Inhibition of human and rat 11β-hydroxysteroid dehydrogenase type 1 by 18β-glycyrrhetinic acid derivatives

doi:10.1016/j.jsbmb.2007.03.019

The Journal of Steroid Biochemistry and Molecular Biology

Volume 104, Issues 3–5, May 2007, Pages 312-320

https://doi.org/10.1016/j.jsbmb.2007.03.019 Get rights and content

Abstract

11β-Hydroxysteroid dehydrogenase type 1 (11β-HSD1) plays an important role in regulating the cortisol availability to bind to corticosteroid receptors within specific tissue. Recent advances in understanding the molecular mechanisms of metabolic syndrome indicate that elevation of cortisol levels within specific tissues through the action of 11β-HSD1 could contribute to the pathogenesis of this disease. Therefore, selective inhibitors of 11β-HSD1 have been investigated as potential treatments for metabolic diseases, such as diabetes mellitus type 2 or obesity. Here we report the discovery and synthesis of some 18β-glycyrrhetinic acid (18β-GA) derivatives (2–5) and their inhibitory activities against rat hepatic11β-HSD1 and rat renal 11β-HSD2. Once the selectivity over the rat type 2 enzyme was established, these compounds’ ability to inhibit human 11β-HSD1 was also evaluated using both radioimmunoassay (RIA) and homogeneous time resolved fluorescence (HTRF) methods. The 11-modified 18β-GA derivatives 2 and 3 with apparent selectivity for rat 11β-HSD1 showed a high percentage inhibition for human microsomal 11β-HSD1 at 10 μM and exhibited IC₅₀ values of 400 and 1100 nM, respectively.
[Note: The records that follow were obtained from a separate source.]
Lemma cvg_enorm_ray th : on_sphere th -> enorm (r *: th) @[r --> (1 : R)^'-] --> (1 : R).
Proof.
move=> th1; apply: (cvg_trans (near_eq_cvg _)); last exact/cvg_at_left_filter/cvg_id.
near=> r; rewrite /= enorm_ray //; near: r; exact: (nbhs_left_gt ltr01).
Unshelve. all: by end_near. Qed.

Lemma add1_enorm_neq0 x : 1 + enorm x != 0.
Proof. by rewrite lt0r_neq0 // ltr_wpDr ?enorm_ge0. Qed.

Lemma rhoE x : rho x = 4 / (1 + enorm x) - 2.
Proof. by rewrite /rho; field; rewrite add1_enorm_neq0. Qed.

Lemma rho_gt0 x : annulus x -> 0 < rho x.
Proof.
by case/andP => x_gt0 x_lt1; rewrite /rho divr_gt0 ?mulr_gt0 ?subr_gt0 ?addr_gt0.
Qed.

Lemma cvg_rho_ray th : on_sphere th -> rho (r *: th) @[r --> (1 : R)^'-] --> (0 : R).
Proof.
move=> th1; rewrite (_ : (fun r => _) = (fun r => 4 / (1 + enorm (r *: th)) - 2)); last first.
  by apply/funext => r; rewrite rhoE.
have two0 : (1 + 1 : R) != 0 by rewrite lt0r_neq0.
have inv_cvg : (1 + enorm (r *: th))^-1 @[r --> (1 : R)^'-] --> (1 + 1 : R)^-1.
  exact: cvgV two0 (cvgD (cvg_cst _) (cvg_enorm_ray th1)).
rewrite (_ : 0 = 4 * (1 + 1)^-1 - 2 :> R); last by field.
exact: cvgB (cvgM (cvg_cst _) inv_cvg) (cvg_cst _).
Qed.

Definition drho (i : 'I_n.+1) x : R := -4 * x ord0 i / enorm x / (1 + enorm x) ^+ 2.

Lemma is_derive_rho x (i : 'I_n.+1) : x != 0 -> is_derive x (ebasis R i) (@rho R n) (drho i x).
Proof.
move=> x0; have x_gt0 : 0 < enorm x by rewrite enorm_gt0.
have dp : is_derive x (ebasis R i) (fun y => 1 + enorm y) (0 + x ord0 i / enorm x).
  exact: is_deriveD (is_derive_cst _ _ _) (is_derive_enorm i x0).
have dinv := is_deriveV (F := fun y => 1 + enorm y) (add1_enorm_neq0 x) dp.
have dr : is_derive x (ebasis R i) (fun y => 4 * (1 + enorm y)^-1 - 2)
    (4 *: (- (1 + enorm x) ^- 2 * (0 + x ord0 i / enorm x)) - 0).
  exact: is_deriveB (is_deriveZ 4 dinv) (is_derive_cst _ _ _).
rewrite (_ : @rho R n = fun y => 4 * (1 + enorm y)^-1 - 2); last first.
  by apply/funext => y; rewrite rhoE.
apply: (is_derive_eq dr); rewrite /drho subr0 add0r [_ *: _]/GRing.scale /=; field.
by rewrite add1_enorm_neq0 lt0r_neq0.
Qed.

Lemma cfac_rho x : annulus x -> cfac x * rho x = 4 / (1 + enorm x) ^+ 2.
Proof.
case/andP=> x_gt0 x_lt1; have m0 : 1 - enorm x != 0 by rewrite subr_eq0 eq_sym lt_eqF.
rewrite /cfac /rho (_ : 1 - enorm x ^+ 2 = (1 - enorm x) * (1 + enorm x)); last by ring.
by field; rewrite m0 add1_enorm_neq0.
Qed.

Lemma sum_drho_sq x : annulus x -> \sum_i drho i x ^+ 2 = (cfac x * rho x) ^+ 2.
Proof.
move=> xA; have x_gt0 : 0 < enorm x by rewrite enorm_gt0 annulus_neq0.
rewrite cfac_rho // (eq_bigr (fun i => (4 / enorm x / (1 + enorm x) ^+ 2) ^+ 2 * x ord0 i ^+ 2)).
  by rewrite -mulr_sumr -enorm_sq; field; rewrite add1_enorm_neq0 lt0r_neq0.
by move=> i _; rewrite /drho; field; rewrite add1_enorm_neq0 lt0r_neq0.
Qed.

End Annulus.

Section RegularFunctions.
Variables (R : realType) (n : nat) (f : 'rV[R]_n.+1 -> R).
Hypothesis f_smooth : smooth_on (fun x => x <> 0) (radial f).
Local Notation vec := 'rV[R]_n.+1.
Local Notation F := (radial f).
Implicit Types (x y : vec) (th : vec) (E : vec -> R).

Lemma radialZ (c : R) y : 0 < c -> F (c *: y) = F y.
Proof.
move=> c_gt0; rewrite /radial enormZ gtr0_norm // scalerA invfM mulrAC.
by rewrite mulVf ?gt_eqF // mul1r.
Qed.

Lemma radial_sphere th : on_sphere th -> F th = f th.
Proof. by rewrite /radial => ->; rewrite invr1 scale1r. Qed.

Lemma dpart_radialZ (s : seq 'I_n.+1) (c : R) y : y != 0 -> 0 < c ->
  dpart s F (c *: y) = (c ^+ size s)^-1 * dpart s F y.
Proof.
elim: s c y => [|i s IH] c y y0 c_gt0 /=; first by rewrite radialZ // expr0 invr1 mul1r.
have c0 : c != 0 by rewrite gt_eqF.
have near_cy : \forall z \near c *: y, (c ^+ size s)^-1 * dpart s F (c^-1 *: z) = dpart s F z.
  have cy0 : c *: y != 0 by rewrite scaler_eq0 negb_or c0.
  near=> z.
  have zE : z = c *: (c^-1 *: z) by rewrite scalerA mulfV // scale1r.
  rewrite [in RHS]zE (IH c (c^-1 *: z)) // scaler_eq0 negb_or invr_eq0 c0 /=.
  by near: z; exact: (near_neq0 cy0).
have dy : is_derive (c^-1 *: (c *: y)) (ebasis R i) (dpart s F) (pd i (dpart s F) y).
  rewrite scalerA mulVf // scale1r; apply: derivableP.
  by apply: f_smooth => /eqP; rewrite (negbTE y0).
have := is_deriveM (is_derive_cst ((c ^+ size s)^-1) (c *: y) (ebasis R i)) (is_derive_compZ dy).
rewrite /pd -(near_eq_derive _ near_cy) => dH; rewrite (derive_val (is_derive := dH)).
by rewrite exprS invfM [_ *: 0]mulr0 addr0 /= [_ *: _]mulrA [_ * c^-1]mulrC.
Unshelve. all: by end_near. Qed.

(* Smoothness up to the sphere is modelled by [regular]: agreement on the annulus with an
   expression in the coordinates, |x|, (c + |x|)^-1 and the partial derivatives of the radial
   extension of f.  All the argument needs is that this class is closed under d_i
   ([regular_pd]) and has a limit along every ray to the sphere ([regular_cvg_ray]). *)
Inductive regular_expr : (vec -> R) -> Prop :=
| RCst (c : R) : regular_expr (fun _ => c)
| RCoord (j : 'I_n.+1) : regular_expr (fun y => y ord0 j)
| RNorm : regular_expr (@enorm R n)
| RInvShift (c : R) : 0 <= c -> regular_expr (fun y => (c + enorm y)^-1)
| RPart (s : seq 'I_n.+1) : regular_expr (dpart s F)
| RAdd E1 E2 : regular_expr E1 -> regular_expr E2 -> regular_expr (fun y => E1 y + E2 y)
| RMul E1 E2 : regular_expr E1 -> regular_expr E2 -> regular_expr (fun y => E1 y * E2 y).
Lemma brBr x y z : br x (y - z) = br x y - br x z.
Proof. by rewrite brDr brNr. Qed.

Lemma br_leibniz x y z : br x (br y z) = br (br x y) z + br y (br x z).
Proof.
case: Hbr => _ _ _ J; have := J x y z.
rewrite (brC z (br x y)) (brC z x) brNr => H.
by rewrite -[LHS]subr0 -H !opprD !opprK !addrA addrN add0r addrC.
Qed.

Lemma br_suml y I r (P : pred I) (F : I -> 'rV_n) :
  br (\sum_(i <- r | P i) F i) y = \sum_(i <- r | P i) br (F i) y.
Proof. exact: (big_morph (br^~ y) (fun a b => brDl a b y) (br0l y)). Qed.

Lemma br_sumr x I r (P : pred I) (F : I -> 'rV_n) :
  br x (\sum_(i <- r | P i) F i) = \sum_(i <- r | P i) br x (F i).
Proof. exact: (big_morph (br x) (brDr x) (br0r x)). Qed.

Lemma ad_mxE y u : u *m ad_mx br y = br y u.
Proof.
rewrite mulmx_sum_row [in RHS](row_sum_delta u) br_sumr.
by apply: eq_bigr => i _; rewrite rowK brZr.
Qed.

Lemma brmx_subP m (U U' : 'M_n) (S : 'M_(m, n)) :
  (forall i j, (br (row i U) (row j U') <= S)%MS) -> (brmx br U U' <= S)%MS.
Proof.
move=> H; apply/sumsmx_subP => i _; apply/sumsmx_subP => j _.
by rewrite genmxE.
Qed.

Lemma br_sub_brmx (U U' : 'M_n) x y :
  (x <= U)%MS -> (y <= U')%MS -> (br x y <= brmx br U U')%MS.
Proof.
move=> /mulmxKpV <- /mulmxKpV <-.
rewrite !mulmx_sum_row br_suml; apply: summx_sub => i _.
rewrite br_sumr; apply: summx_sub => j _.
rewrite brZl brZr; apply: scalemx_sub; apply: scalemx_sub.
by apply: (sumsmx_sup i) => //; apply: (sumsmx_sup j) => //; rewrite genmxE.
Qed.

Local Notation V := (lcs br 1).

Lemma brV x y : (br x y <= V)%MS.
Proof. by apply: br_sub_brmx; rewrite submx1. Qed.

Lemma br_plane w z p q : (p <= w + z)%MS -> (q <= w + z)%MS ->
  exists c, br p q = c *: br w z.
Proof.
case/sub_adds_rVP => a [b ->]; case/sub_adds_rVP => a' [b' ->].
exists (a * b' - b * a').
rewrite !brDl !brDr !brZl !brZr !brxx (brC z w).
by apply/rowP => i; rewrite !mxE; ring.
Qed.

Lemma central_not_pure z0 : ~~ (z0 <= V)%MS -> (forall y, br z0 y = 0) -> ~ lie_pure br.
Proof.
move=> z0V z0c; apply; set A := (V + z0)%MS; set J := (V + A^C)%MS.
have z00 : z0 != 0 by apply: contraNneq z0V => ->; rewrite sub0mx.
have brz0 U i j : br (row i U) (row j <<z0>>%MS) = 0.
  have /sub_rVP [c ->] : (row j <<z0>> <= z0)%MS.
    by apply: submx_trans (row_sub j _) _; rewrite genmxE.
  by rewrite brZr brC z0c oppr0 scaler0.
have rankA : \rank A = (\rank V).+1 by rewrite mxrank_adds_notin.
have rankJ : (\rank J <= n.-1)%N.
  have [le _] := mxrank_adds_leqif V (A^C)%MS.
  by rewrite (leq_trans le) // mxrank_compl rankA; have := rank_leq_col A; lia.
have full : (1%:M <= <<z0>> + J)%MS.
  apply: submx_trans (_ : (A + A^C <= _)%MS); first by rewrite sub1mx addsmx_compl_full.
  by rewrite /J addsmxA addsmxS // addsmxC addsmxS // genmxE.
exists <<z0>>%MS, J; split.
- by apply: brmx_subP => i j; rewrite brz0 sub0mx.
- by apply: brmx_subP => i j; apply: submx_trans (brV _ _) (addsmxSl _ _).
- by rewrite -mxrank_eq0 genmxE mxrank_eq0.
- by apply/eqP; rewrite -submx0; apply: brmx_subP => i j; rewrite brz0 sub0mx.
split; last by rewrite submx1 full.
rewrite -mxrank_eq0; have := mxrank_sum_cap <<z0>>%MS J.
move: full; rewrite sub1mx /row_full genmxE rank_rV z00 => /eqP ->.
by have := rank_leq_col A; lia.
Qed.

Section DerivedPlane.
Hypothesis rankV : \rank V = 2.
Hypothesis rank_lcs2 : \rank (lcs br 2) = 2.

Lemma brV_notin_line w : ~ (forall x v, (v <= V)%MS -> (br x v <= w)%MS).
Proof.
move=> H; have : (lcs br 2 <= w)%MS by apply: brmx_subP => i j; rewrite H ?row_sub.
by move/mxrankS; rewrite rank_lcs2 rank_rV; case: (w != 0).
Qed.

Lemma derived_abelian v w : (v <= V)%MS -> (w <= V)%MS -> br v w = 0.
Proof.
have [u1 [u2 [u1V u10 u2V u21 Vu]]] := rank2_basis rankV.
have inVu (p : 'rV_n) : (p <= V)%MS -> (p <= u1 + u2)%MS by move/submx_trans; apply.
suff u12 : br u1 u2 = 0.
  by move=> /inVu vu /inVu wu; have [c ->] := br_plane vu wu; rewrite u12 scaler0.
apply/eqP; apply: contraT => w0n; exfalso; set w0 := br u1 u2 in w0n.
have w0V : (w0 <= V)%MS by apply: brV.
have cent_w0 u : (u <= V)%MS -> br u w0 = 0 -> (u <= w0)%MS.
  move=> uV uw0; apply: contraT => uw; have Vw := rank2_spanned rankV w0V uV w0n uw.
  have [c Hc] := br_plane (submx_trans u1V Vw) (submx_trans u2V Vw).
  by move: w0n; rewrite /w0 Hc brC uw0 oppr0 scaler0 eqxx.
apply: (@brV_notin_line w0) => x u uV.
have [s Hs] : exists s, br x w0 = s *: w0.
  have [c1 H1] := br_plane (inVu _ (brV x u1)) (inVu _ u2V).
  have [c2 H2] := br_plane (inVu _ u1V) (inVu _ (brV x u2)).
  by exists (c1 + c2); rewrite /w0 br_leibniz H1 H2 scalerDl.
have [mu Hmu] := br_plane (inVu _ uV) (inVu _ w0V).
apply: cent_w0; first exact: brV.
have := br_leibniz x u w0; rewrite Hmu brZr Hs brZr Hmu !scalerA [s * mu]mulrC => /eqP.
by rewrite -subr_eq subrr eq_sym => /eqP.
Qed.

Lemma ad_commute_on_V x y v : (v <= V)%MS -> br x (br y v) = br y (br x v).
Proof. by move=> vV; rewrite br_leibniz (derived_abelian (brV x y) vV) add0r. Qed.

Definition scalar_on_V y := exists a, forall v, (v <= V)%MS -> br y v = a *: v.

Lemma scalar_on_span y e f a : (V <= e + f)%MS -> br y e = a *: e -> br y f = a *: f ->
  scalar_on_V y.
Proof.
move=> Vef ye yf; exists a => v /submx_trans /(_ Vef) /sub_adds_rVP [c [d ->]].
by rewrite brDr !brZr ye yf scalerDr !scalerA mulrC [d * a]mulrC.
Qed.
Lemma orbit_one_mod_chain_even m i j :
  orbit_one_mod m (sk_chain (i + j.*2) N f) -> orbit_one_mod m (sk_chain i N f).
Proof.
elim: j => [|j IH]; first by rewrite addn0.
by rewrite doubleS !addnS => /orbit_one_mod_chainSS.
Qed.

Lemma orbit_one_mod_auto_order c :
  sk_complexity N f c -> orbit_one_mod (sk_auto_order N f c) (sk_chain c N f).
Proof.
case=> _ ord1; split=> // k.
have [M_gt0 g_skew] := sk_chain_skew c.
have /(sk_ord_eq1P M_gt0 g_skew) g_id := ord1.
by rewrite iter_fix ?g_id ?ltn_pmod // modn_mod.
Qed.

Lemma sk_pi_mod_auto_order c : sk_complexity N f c -> odd c ->
  forall a, a < N -> sk_pi N f a %% sk_auto_order N f c = 1.
Proof.
move=> f_c c_odd a aN; set m := sk_auto_order N f c.
have m_gt1 : 1 < m by case: f_c.
have c_eq : c = 1 + c./2.*2 by rewrite -[in LHS](odd_double_half c) c_odd.
have := orbit_one_mod_auto_order f_c; rewrite -/m c_eq.
move=> /orbit_one_mod_chain_even [/= m_dvd orbit].
rewrite -(modn_dvdm _ m_dvd) (sk_pi_iter_derived N_gt0 f_skew aN).
by rewrite (modn_dvdm _ m_dvd) orbit modn_small.
Qed.
End DerivedChain.
(* Any vertex set between the complement of a half and the whole grid is connected: the
   complement is a comb (column 0 plus all rows of the other parity), and each node of the
   half has a neighbour in the adjacent row of the other parity. *)
Lemma half_complement_connected p (V : nat -> Prop) : p < 2 ->
  (forall j, j < s * s -> in_half p j = false -> V j) -> (forall j, V j -> j < s * s) ->
  induces_connected (grid_adj s) V.
Proof.
  intros Hp HcoV HVn.
  set (Y := fun j => j < s * s /\ in_half p j = false).
  apply (connected_of_core (grid_adj s) (grid_adj_sym s) Y V 0).
  - intros j [Hj Yj]. auto.
  - intros j [Hj Yj]. apply (comb_reach s ltac:(lia) Y 0); try lia; [| |split; auto].
    + intros r Hr. split; [apply node_lt; lia|]. now rewrite in_half_node by lia.
    + intros r c c' Hr Hc [_ Yc]. split; [lia|]. intros Hc'. split; [apply node_lt; lia|].
      rewrite in_half_node in * by lia.
      destruct (Nat.eqb_spec c' 0); [reflexivity|]. destruct (Nat.eqb_spec c 0); [lia|exact Yc].
  - intros j Vj. pose proof (HVn j Vj) as Hj.
    destruct (in_half p j) eqn:Hin; [right|left; split; auto].
    destruct (node_decomp s ltac:(lia) j Hj) as [E [Hr Hc]].
    set (r := j / s) in *. set (c := j mod s) in *. clearbody r c. subst j.
    rewrite in_half_node in Hin by exact Hc. apply andb_prop in Hin. destruct Hin as [Hc0 Hrp].
    apply negb_true_iff, Nat.eqb_neq in Hc0. apply Nat.eqb_eq in Hrp.
    destruct (parity_decomp r) as [Er _].
    destruct p as [|p].
    + exists ((r + 1) * s + c). destruct (parity_decomp (r + 1)) as [Er' Hlt'].
      split; [split; [apply node_lt; lia|]|apply grid_adj_down; lia].
      rewrite in_half_node by exact Hc. destruct (Nat.eqb_spec c 0); [reflexivity|].
      apply Nat.eqb_neq. lia.
    + exists ((r - 1) * s + c). destruct (parity_decomp (r - 1)) as [Er' Hlt'].
      split; [split; [apply node_lt; lia|]|].
      * rewrite in_half_node by exact Hc. destruct (Nat.eqb_spec c 0); [reflexivity|].
        apply Nat.eqb_neq. lia.
      * apply grid_adj_sym. replace (r * s + c) with ((r - 1 + 1) * s + c) by (f_equal; f_equal; lia).
        apply grid_adj_down; lia.
Qed.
The side chain modified 18β-GA derivatives 4 and 5, although showing selectivity for rat 11β-HSD1 inhibited human microsomal 11β-HSD1 with IC₅₀ values in the low micromolar range.

Introduction

Metabolic syndrome is a condition characterized by a cluster of metabolic disorders including insulin resistance, glucose intolerance, visceral obesity, hypertension and dyslipidemia, which are widely recognized as high risk factors for cardiovascular disease [1]. The rapidly increasing prevalence of the metabolic syndrome and obesity has focused the need for novel treatments, thus attracting intense interest from pharmaceutical research laboratories across academia and industry. Recent clinical evidence and animal genetic studies have indicated that glucocorticoid action in many aspects is associated with obesity and insulin resistance, the two underlying causes of metabolic syndrome [2], [3], [4]. It is well known that the glucocorticoid action on target tissues depends on both circulating hormone level and intracellular pre-receptor metabolism, which is mediated by 11β-hydroxysteroid dehydrogenases (11β-HSDs) [5].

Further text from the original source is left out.